Pickpocket (1959)

Robert Bresson is considered one of France’s greatest directors and apparently an inspiration for the New Wave filmmakers. We’ve never watched any of his films so I thought we should, starting with this relatively short piece that is supposed to be one his best works.

Michel is a budding thief who affects a cynical detachment from the rest of society. He successfully pickpockets some money at the racetrack but is picked up by the police as he leaves. The police have insufficient evidence to hold him so he is released but from that point on the inspector keeps an eye on him. Michel has a friend named Jacques who tries to persuade him to take a proper job. He also meets Jeanne, a neighbor of his ailing mother who helps take care of her. He is willing to pass money to his mother when he can but seems to be too ashamed to actually meet her. When questioned, he espouses a philosophy in which thieves are a superior form of man who by dint of their innate talent and their incompatibility with the usual rules of society should not be bound by them.

As with other French New Wave works, the tone and focus of the film is so different from what we’re normally used to that it’s a challenge to come to grips with what it’s actually about.

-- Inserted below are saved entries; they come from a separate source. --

(* Saturation enters here: a node of [X j.+1] need not be a successor of a node
   of [X j], but it is simulated by one, which inherits its paths. *)
Lemma path_to_back k M0 t v l :
  path_to (level k) setT (M0 + t) v l -> exists q, path_to (level k) setT M0 q (l + t).
Proof.
elim: t v l => [|t IH] v l; first by rewrite !addn0 => R; exists v.
rewrite addnS => R; have lv := path_to_start R.
have [u [s [Xu e sim_vs]]] := X_sim_pred (level_X lv).
have Rs := path_to_sim sim_vs (X_succ Xu e) R.
have lu := level_pred Xu e (path_to_start Rs).
by have [q Rq] := IH u l.+1 (path_to_cons e lu Rs); exists q; rewrite addnS -addSn.
Qed.

(* Nodes of level [k] at arbitrarily late positions give, going backwards
   along simulating predecessors, arbitrarily long paths inside level [k] from
   one fixed position; by Koenig's lemma these lie in level [k+1]. *)
Lemma level_vanishes_even k : ~~ odd k -> level_vanishes k.+1 -> level_vanishes k.
Proof.
move=> even_k [M0 vanish]; apply: contrapT => persists.
have long l : exists q, path_to (level k) setT M0 q l.
  have [j [q [le_j lq]]] : exists j q, M0 + l <= j /\ level k j q.
    apply: contrapT => none; apply: persists; exists (M0 + l) => j le_j q lq.
    by apply: none; exists j, q.
  have le_M0j : M0 <= j by apply: leq_trans le_j; apply: leq_addr.
  have R0 : path_to (level k) setT (M0 + (j - M0)) q 0.
    by exists (fun _ => q); split=> // t; rewrite leqn0 => /eqP->; rewrite !addn0 subnKC.
  have [q0 R] := path_to_back R0; exists q0.
  apply: (downward_leq (P := path_to _ setT _ _)) R => [l' |]; first exact: path_to_pred.
  by rewrite add0n leq_subRL.
have [q0 all_l] := uniform_witness_fin (@path_to_pred (level k) M0) long.
apply: (vanish M0 (leqnn _) q0) => /=; rewrite (negbTE even_k).
by split; [apply: path_to_start (all_l 0) | apply: konig_inf_path].
Qed.

Lemma level_vanishes_top : level_vanishes n.*2.+1.
Proof. by exists 0 => j _ q; apply: level_top_empty. Qed.

Hypothesis X_nonempty : forall j, X j != set0.

Lemma level1_persists : ~ level_vanishes 1.
Proof.
case=> M vanish; have /set0Pn [q Xq] := X_nonempty M.
have [pi [pi0 run]] := ex_run_from M q.
apply: (vanish M (leqnn M) q); split=> //=.
by exists pi; split=> //; apply: run_from_X; rewrite ?pi0.
Qed.

(* The least [K] for which level [2K+1] vanishes gives the eventual rank
   [2K-1]; all odd ranks below it stay present. *)
Lemma rank_tail : exists M r, [/\ odd r, r < n.*2, 0 < M & forall j, M <= j ->
  (forall q, rk j q <= r) /\ (forall o, odd o -> o <= r -> exists2 q, q \in X j & rk j q = o)].
Proof.
have [K [vanK K_min]] := ex_minimal_nat
  (ex_intro (fun K => level_vanishes K.*2.+1) n level_vanishes_top).
have K_pos : 0 < K by case: K vanK {K_min} => // /level1_persists.
have le_Kn : K <= n.
  by rewrite leqNgt; apply/negP => /K_min; apply; apply: level_vanishes_top.
have even_K2 : ~~ odd K.*2 by rewrite odd_double.
have [M1 van2K] := level_vanishes_even even_K2 vanK.
have [M2 present] := eventually_forall_ltn (fun i lt => odd_rank_present (K_min i lt)).
exists (M1 + M2).+1, K.*2.-1; split=> //.
- by case: K K_pos {vanK K_min le_Kn even_K2 van2K present} => // K _;
    rewrite doubleS /= odd_double.
- by rewrite -!mul2n; lia.
move=> j le_j; split=> [q|o odd_o le_o].
- case: (boolP (q \in X j)) => Xq; last by rewrite rk_notin.
  have : ~ K.*2 <= rk j q by move/(level_rk _ Xq); apply: van2K; lia.
  by rewrite -!mul2n; lia.
- have oE : o = (o./2).*2.+1 by rewrite -[o in LHS]odd_double_half odd_o add1n.
  rewrite oE; apply: present; last by lia.
  by move: le_o; rewrite oE -!mul2n; lia.
Qed.

(** * Completeness *)

Section RankedRun.
Variables (M r : nat).
Hypotheses (odd_r : odd r) (r_small : r < n.*2).
Hypothesis rk_tail_le : forall j q, M <= j -> rk j q <= r.
Hypothesis rk_tail_onto :
  forall j o, M <= j -> odd o -> o <= r -> exists2 q, q \in X j & rk j q = o.

Definition rkf j : {ffun Q -> nat} := [ffun q => rk j q].

Lemma rank_rkf j : M <= j -> rank (rkf j) = r.
Proof.
move=> le_Mj; apply/eqP; rewrite eqn_leq; apply/andP; split.
  by apply/bigmax_leqP => q _; rewrite ffunE; apply: rk_tail_le.
have [q _ rk_q] := rk_tail_onto le_Mj odd_r (leqnn r).
by apply: (bigmax_sup q) => //; rewrite ffunE rk_q.
Qed.

Lemma tight_rkf j (S : {set Q}) : M <= j -> X j \subset S -> tight S (rkf j).
Proof.
move=> le_Mj sub_S; split=> [|o odd_o|q notin_S]; rewrite ?rank_rkf //.
  by move=> le_o; have [q Xq rk_q] := rk_tail_onto le_Mj odd_o le_o; exists q;
    rewrite ?ffunE // (subsetP sub_S).
by rewrite ffunE rk_notin //; apply: contra notin_S; apply: (subsetP sub_S).
Qed.

Lemma ranking_rkf j : is_ranking F (rkf j).
Proof. by move=> q; rewrite ffunE /Defs.n mul2n rk_le; split=> //; apply: rk_even_F. Qed.

Local Notation bps :=
  (breakpoints delta (fun t => w (M + t)) (fun t => X (M + t)) (fun t => rkf (M + t)) r).
Local Notation bps_step :=
  (breakpoints_step delta (fun t => w (M + t)) (fun t => X (M + t)) (fun t => rkf (M + t)) r).

Lemma bps_sub t : (bps t).1 \subset X (M + t) :&: Defs.preim (rkf (M + t)) (bps t).2.
Proof.
apply: (O_sub bps_step t) => [t'|]; last exact: sub0set.
apply/subsetP => q /bigcupP[p Xp e]; rewrite addnS; exact: X_succ Xp e.
Qed.

Lemma bps_idx t : ~~ odd (bps t).2 /\ (bps t).2 <= r.
Proof.
by split; [apply: (idx_even bps_step) | apply: (idx_le bps_step)].
Qed.

Lemma bps_inQ2 t : inQ2 F (X (M + t)) (bps t).1 (rkf (M + t)) (bps t).2.
Proof.
have le_M : M <= M + t by apply: leq_addr.
split; [exact: ranking_rkf | exact: tight_rkf (subsetT _) | exact: tight_rkf | | exact: bps_sub].
have [even_i le_ir] := bps_idx t; split=> //.
have ne_ir : (bps t).2 != r by apply: contraNneq even_i => ->.
by move: le_ir ne_ir r_small; rewrite /Defs.n -!mul2n; lia.
Qed.

(* If [O] stayed nonempty, tracing its nodes back would give arbitrarily long
   paths of constant even rank from one position, hence an infinite one. *)
Lemma bps_empties N : exists t, N <= t /\ (bps t).1 = set0.
Proof.
apply: contrapT => never.
have ne t : N <= t -> (bps t).1 != set0.
  by move=> le_t; apply/eqP => Ot; apply: never; exists t.
have idx_c l : (bps (N + l)).2 = (bps N).2.
  by apply: idx_const bps_step _ _ _ => u _; apply/ne/leq_addr.
pose P j v := v \in X j /\ rk j v = (bps N).2.
have long l : exists q, path_to P setT (M + N) q l.
  have /set0Pn [v Ov] := ne (N + l) (leq_addr _ _).
  have [pi [_ run in_O]] :=
    O_backward_path bps_step (fun u _ => ne _ (leq_addr u N)) Ov.
  exists (pi 0), pi; split=> // t le_tl; first by rewrite -addnA; apply: run.
  move/subsetP: (bps_sub (N + t)) => /(_ _ (in_O t le_tl)).
  by rewrite !inE ffunE addnA idx_c => /andP[Xp /eqP rk_p].
have [q0 all_l] := uniform_witness_fin (@path_to_pred P (M + N)) long.
have [tau [tau0 run in_P]] := konig_inf_path all_l.
apply: (@no_even_rank_run (M + N) tau (bps N).2 _ run) => [||t]; first by case: (bps_idx N).
- by rewrite -[M + N]addn0; case: (in_P 0).
- by case: (in_P t).
Qed.

Variables (g : {set Q} -> {set Q}) (I : {set Q}).
Hypotheses (X0 : X 0 = I) (X_next : forall j, X j.+1 = g (deltaS delta (X j) (w j))).
Hypothesis M_pos : 0 < M.

Definition ranked_run j : sstate Q :=
  if j < M then inl (X j) else inr (X j, (bps (j - M)).1, rkf j, (bps (j - M)).2).

Lemma ranked_run_addn t :
  ranked_run (M + t) = inr (X (M + t), (bps t).1, rkf (M + t), (bps t).2).
Proof. by rewrite /ranked_run ltnNge leq_addr /= addKn. Qed.

Lemma ranked_run_trans j : trans_with delta F g (ranked_run j) (w j) (ranked_run j.+1).
Proof.
case: (ltngtP j.+1 M) => [lt_jM|lt_Mj|jM].
- by rewrite /ranked_run lt_jM (ltnW lt_jM) /= X_next.
- have [t ->] : exists t, j = M + t by exists (j - M); rewrite subnKC.
  have le_M t' : M <= M + t' by apply: leq_addr.
  rewrite -addnS !ranked_run_addn; split; first by rewrite addnS X_next.
  split; [exact: bps_inQ2 | exact: bps_inQ2 | | |].
  + by move=> q q' Xq e; rewrite !ffunE addnS; apply: rk_succ_le.
  + by rewrite !rank_rkf.
  + rewrite rank_rkf // addn1.
    by case: (bps_step t) => -[O0 [idxE OE]]; [left | right].
- rewrite /ranked_run jM ltnn -jM ltnSn subnn /= -X_next.
  by have := bps_inQ2 0; rewrite addn0 jM.
Qed.

Lemma ranked_run_accepts : accepts (trans_with delta F g) (s_init I) (s_final F) w.
Proof.
exists ranked_run; split; first by rewrite /s_init /ranked_run M_pos X0.
split=> [|N]; first exact: ranked_run_trans.
have [t [le_t Ot]] := bps_empties N.
exists (M + t); split; first by apply: leq_trans le_t (leq_addl _ _).
rewrite ranked_run_addn Ot; right; exists (X (M + t)), (rkf (M + t)), (bps t).2.
by split=> //; rewrite -Ot; apply: bps_inQ2.
Qed.

End RankedRun.

End LevelRanking.

Section Completeness.
Variables (Sigma Q : finType) (delta : Q -> Sigma -> {set Q}) (I F : {set Q}).
Hypothesis delta_complete : forall q a, delta q a != set0.
Variables (g : {set Q} -> {set Q}) (w : nat -> Sigma).
Hypothesis g_ext : forall Y : {set Q}, Y \subset g Y.
Hypothesis g_sim :
  forall (Y : {set Q}) q, q \in g Y -> exists2 s, s \in Y & delayed_sim delta F q s.

Fixpoint macro j : {set Q} := if j is j'.+1 then g (deltaS delta (macro j') (w j')) else I.

Lemma macro_succ j q q' : q \in macro j -> q' \in delta q (w j) -> q' \in macro j.+1.
Proof. by move=> Xq e; apply: (subsetP (g_ext _)); apply/bigcupP; exists q. Qed.

Lemma macro_sim_pred j q : q \in macro j.+1 ->
  exists u s, [/\ u \in macro j, s \in delta u (w j) & delayed_sim delta F q s].
Proof. by case/g_sim=> s /bigcupP[u Xu e] sim; exists u, s. Qed.

Lemma macro_nonempty : I != set0 -> forall j, macro j != set0.
Proof.
move=> I_ne; elim=> [//|j IH] /=.
have /set0Pn [q Xq] := IH; have /set0Pn [q' e] := delta_complete q (w j).
by apply/set0Pn; exists q'; apply: macro_succ Xq e.
Qed.

(* Prepending a simulating predecessor moves an accepting path one position back. *)
Lemma macro_no_accepting_path : ~ buchi_accepts delta I F w ->
  forall j pi, pi 0 \in macro j -> run_from delta w j pi -> ~ inf_often_F F pi.
Proof.
move=> rejects; elim=> [|j IH] pi X0 run acc; first by apply: rejects; exists pi.
have [u [s [Xu e sim]]] := macro_sim_pred X0.
have [rho [rho0 run_rho _ acc_rho]] := delayed_sim_run sim (erefl (pi 0)) run.
apply: (IH (pcons u rho)) => // [[|t]|N] /=; first by rewrite addn0 rho0.
  by rewrite addnS -addSn; apply: run_rho.
have [i [le_i Fi]] := acc N; have [k [le_k Fk]] := acc_rho i Fi.
by exists k.+1; split=> //; apply: leq_trans le_i (leq_trans le_k (leqnSn _)).
Qed.

Lemma complement_complete : ~ buchi_accepts delta I F w ->
  accepts (trans_with delta F g) (s_init I) (s_final F) w.
Proof.
move=> rejects; case: (eqVneq I set0) => [I0|I_ne].
  have g0 : g set0 = set0.
    by apply/setP => q; rewrite inE; apply/negP => /g_sim[s]; rewrite inE.
  have delta0 a : deltaS delta set0 a = set0 by rewrite /deltaS big_set0.
  exists (fun _ => inl set0); split; first by rewrite /s_init I0.
  by split=> [i|N]; [rewrite /= delta0 g0 | exists N; split=> //; left].
have no_acc := macro_no_accepting_path rejects.
have [M [r [odd_r r_small M_pos tail]]] := rank_tail delta_complete macro_succ no_acc
  macro_sim_pred (macro_nonempty I_ne).
apply: (ranked_run_accepts (M := M) macro_succ no_acc odd_r r_small) => //.
- by move=> j q le_j; apply: (tail j le_j).1.
- by move=> j o le_j; apply: (tail j le_j).2.
Qed.

Lemma complement_language : accepts (trans_with delta F g) (s_init I) (s_final F) w <->
  ~ buchi_accepts delta I F w.
Proof.
split=> [[rho [rho0 [run acc]]]|]; last exact: complement_complete.
exact: (complement_sound g_ext rho0 run acc).
Qed.

End Completeness.

Lemma accepts_ext (Sigma St : Type) (T1 T2 : St -> Sigma -> St -> Prop) init fin w :
  (forall x a y, T1 x a y <-> T2 x a y) ->
  accepts T1 init fin w <-> accepts T2 init fin w.
Proof.
by move=> T12; split=> -[rho [rho0 [run acc]]]; exists rho; split=> //; split=> // i; apply/T12.
Qed.

Section SatAndPlain.
Variables (Sigma Q : finType) (delta : Q -> Sigma -> {set Q}) (F : {set Q}).
Hypothesis delta_complete : forall q a, delta q a != set0.

Lemma sub_str (Y : {set Q}) : Y \subset str delta F Y.
Proof.
by apply/subsetP => q Yq; rewrite inE; apply/asboolP; exists q => //; apply: delayed_sim_refl.
Qed.

Lemma str_sim (Y : {set Q}) q : q \in str delta F Y -> exists2 s, s \in Y & delayed_sim delta F q s.
Proof. by rewrite inE => /asboolP. Qed.

Lemma id_sim (Y : {set Q}) q : q \in Y -> exists2 s, s \in Y & delayed_sim delta F q s.
Proof. by move=> Yq; exists q => //; apply: delayed_sim_refl. Qed.

Lemma schewe_sat_transE x a y :
  schewe_sat_trans delta F x a y <-> trans_with delta F (str delta F) x a y.
Proof. by case: x => [X|[[[X Y] f] i]]; case: y => [X'|[[[X' Y'] f'] i']]. Qed.

(* The extra tightness requirements of [delta_2] and [delta_3] are already part
   of membership in [Q_2]. *)
Lemma schewe_transE x a y : schewe_trans delta F x a y <-> trans_with delta F id x a y.
Proof.
case: x => [X|[[[X Y] f] i]]; case: y => [X'|[[[X' Y'] f'] i']] //=.
- by split=> [[]|[Q2 ? ? ?]]; last (split=> //; case: Q2).
- by split=> [[]|[? st]]; last (split=> //; case: st => _ []).
Qed.

End SatAndPlain.

Theorem lemma8 (Sigma Q : finType) (delta : Q -> Sigma -> {set Q})
    (I F : {set Q}) :
  0 < #|Sigma| ->
  (forall (q : Q) (a : Sigma), delta q a != set0) ->
  forall w : nat -> Sigma,
    accepts (schewe_sat_trans delta F) (s_init I) (s_final F) w <->
    accepts (schewe_trans delta F) (s_init I) (s_final F) w.
Proof.
move=> _ delta_complete w.
rewrite (accepts_ext _ _ _ (schewe_sat_transE delta F)).
rewrite (accepts_ext _ _ _ (schewe_transE delta F)).
rewrite !complement_language //.
- exact: id_sim.
- exact: sub_str.
- exact: str_sim.
Qed.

It doesn’t help either that the actor who plays Michel, Martin LaSalle, is so devoid of any emotional affect. I suppose it does give the impression that Michel is something of a sociopath. Things make a bit more sense after I read that it’s a very loose adaptation of Fyodor Dostoevsky’s Crime and Punishment but I’m not sure that I really like it. Even the pickpocketing scenes which I understand is meant to be thrilling to the audience isn’t all that exciting by modern standards.

I get this this is meant to be a somewhat abstract examination of the mind of a criminal psychology, complete with inconsistencies and contradictions. But this one’s a bit too abstract and too emotionally distant for me and it lacks even the kind of creative brilliance that would impress me. As my wife notes, perhaps this film is important for historical reasons but we didn’t really get much out of it.